Inevitably, it did not take long for others to leave the district in
disgust, bitterly complaining of ‘native extortion’ and ‘blackmail’. Their cries
were to be repeated by many subsequent visitors, who resented Maori ownership
and control of not just the terraces but also the many geysers, hot pools and
other natural wonders of the Rotorua region.
Massive local and international press coverage and attention
followed the 1870 visit to the area of the Duke of Edinburgh, Prince Alfred.
Almost overnight, an organised tourist trade came to life and with the local
waters widely believed to have healing properties, Rotorua’s future as a
sanatorium and tourist destination of global repute seem assured.

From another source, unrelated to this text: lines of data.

Lemma continuous_lipschitz_on_box_comp n M L (F : (nat -> R) -> R) (p : R -> nat -> R) z :
  0 <= L -> lipschitz_on_box n M L F ->
  (forall j, (j < n)%nat -> continuous (fun s => p s j) z) ->
  locally z (fun s => in_box n M (p s)) ->
  continuous (fun s => F (p s)) z.
Proof.
  intros HL HF Hp Hbox. apply filterlim_locally. intros eps.
  assert (Hd : 0 < eps / (L + 1)) by (apply Rdiv_lt_0_compat; [apply cond_pos | lra]).
  assert (Hz : in_box n M (p z)) by exact (locally_singleton _ _ Hbox).
  assert (Hclose : locally z (fun s => forall j, (j < n)%nat -> ball (p z j) (eps / (L + 1)) (p s j))).
  { apply (filter_forall_lt (locally z) n (fun j s => ball (p z j) (eps / (L + 1)) (p s j))).
    intros j Hj.
    exact (proj1 (filterlim_locally _ _) (Hp j Hj) (mkposreal _ Hd)). }
  generalize (filter_and _ _ Hbox Hclose). apply filter_imp. intros s [Hs Hc].
  apply ball_R. apply Rle_lt_trans with (L * (eps / (L + 1))).
  - apply HF; [exact Hs | exact Hz | lra |]. intros j Hj. left. apply Hc, Hj.
  - apply Rlt_le_trans with ((L + 1) * (eps / (L + 1))); [nra |].
    right. field. lra.
Qed.

Lemma continuous_of_lipschitz_at (g : R -> R) z K : 0 <= K ->
  (forall s, Rabs (s - z) < 1 -> Rabs (g s - g z) <= K * Rabs (s - z)) -> continuous g z.
Proof.
  intros HK Hg. apply filterlim_locally. intros eps.
  assert (Hd : 0 < Rmin 1 (eps / (K + 1)))
    by (apply Rmin_pos; [lra | apply Rdiv_lt_0_compat; [apply cond_pos | lra]]).
  assert (H1 := Rmin_l 1 (eps / (K + 1))). assert (H2 := Rmin_r 1 (eps / (K + 1))).
  exists (mkposreal _ Hd). intros s Hs. change (Rabs (s - z) < Rmin 1 (eps / (K + 1))) in Hs.
  change (Rabs (g s - g z) < eps).
  eapply Rle_lt_trans; [apply Hg; lra |].
  apply Rle_lt_trans with (K * (eps / (K + 1))); [apply Rmult_le_compat_l; lra |].
  assert (0 < eps / (K + 1)) by lra.
  apply Rlt_le_trans with ((K + 1) * (eps / (K + 1))); [nra | right; field; lra].
Qed.

(** * Existence of the flow by Picard iteration *)

Definition box_lipschitz (n : nat) (G : (nat -> R) -> nat -> R) : Prop :=
  forall M, 0 <= M -> exists L, 0 <= L /\
    forall i, (i < n)%nat -> lipschitz_on_box n M L (fun x => G x i).

Definition nonneg_linear_growth (n : nat) (G : (nat -> R) -> nat -> R) (A C : R) : Prop :=
  forall M x i, 0 <= M -> in_box n M x -> (i < n)%nat -> 0 <= G x i <= A + C * M.

(* The solution of [u' = A + C u], [u 0 = 0]: an a priori bound for the flow. *)
Definition growth_bound (A C t : R) : R := A / C * (exp (C * t) - 1).

Lemma growth_bound_nonneg A C t : 0 <= A -> 0 < C -> 0 <= t -> 0 <= growth_bound A C t.
Proof.
  intros HA HC Ht. unfold growth_bound.
  assert (1 <= exp (C * t)) by (apply one_le_exp; nra).
  apply Rmult_le_pos; [apply Rmult_le_pos; [exact HA | apply Rlt_le, Rinv_0_lt_compat, HC] | lra].
Qed.

Lemma growth_bound_le A C s t : 0 <= A -> 0 < C -> s <= t ->
  growth_bound A C s <= growth_bound A C t.
Proof.
  intros HA HC Hst. unfold growth_bound. apply Rmult_le_compat_l.
  - apply Rmult_le_pos; [exact HA | apply Rlt_le, Rinv_0_lt_compat, HC].
  - assert (exp (C * s) <= exp (C * t)) by (apply exp_le; nra). lra.
Qed.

For Pakeha it was inconceivable that such treasures should remain in
the hands of Maori. Colonial politicians were regularly grilled on their
progress towards purchasing the terraces and hot springs. But as Native Minister John
Bryce told Parliament in 1880, though it had been admitted by successive
governments that the area ought to be acquired, ‘there was this difficulty in
the matter: that the Native owners did not want to part with it.’
Little wonder perhaps, given that by this time Te Arawa were
estimated to be earning up to 6000 pounds annually (close to $1million in
today’s terms) from their control of the tourist trade. Although many hotels
and stores were run by Pakeha, they were usually owned by Te Arawa, who
otherwise charged rentals for the use of the land they were built upon.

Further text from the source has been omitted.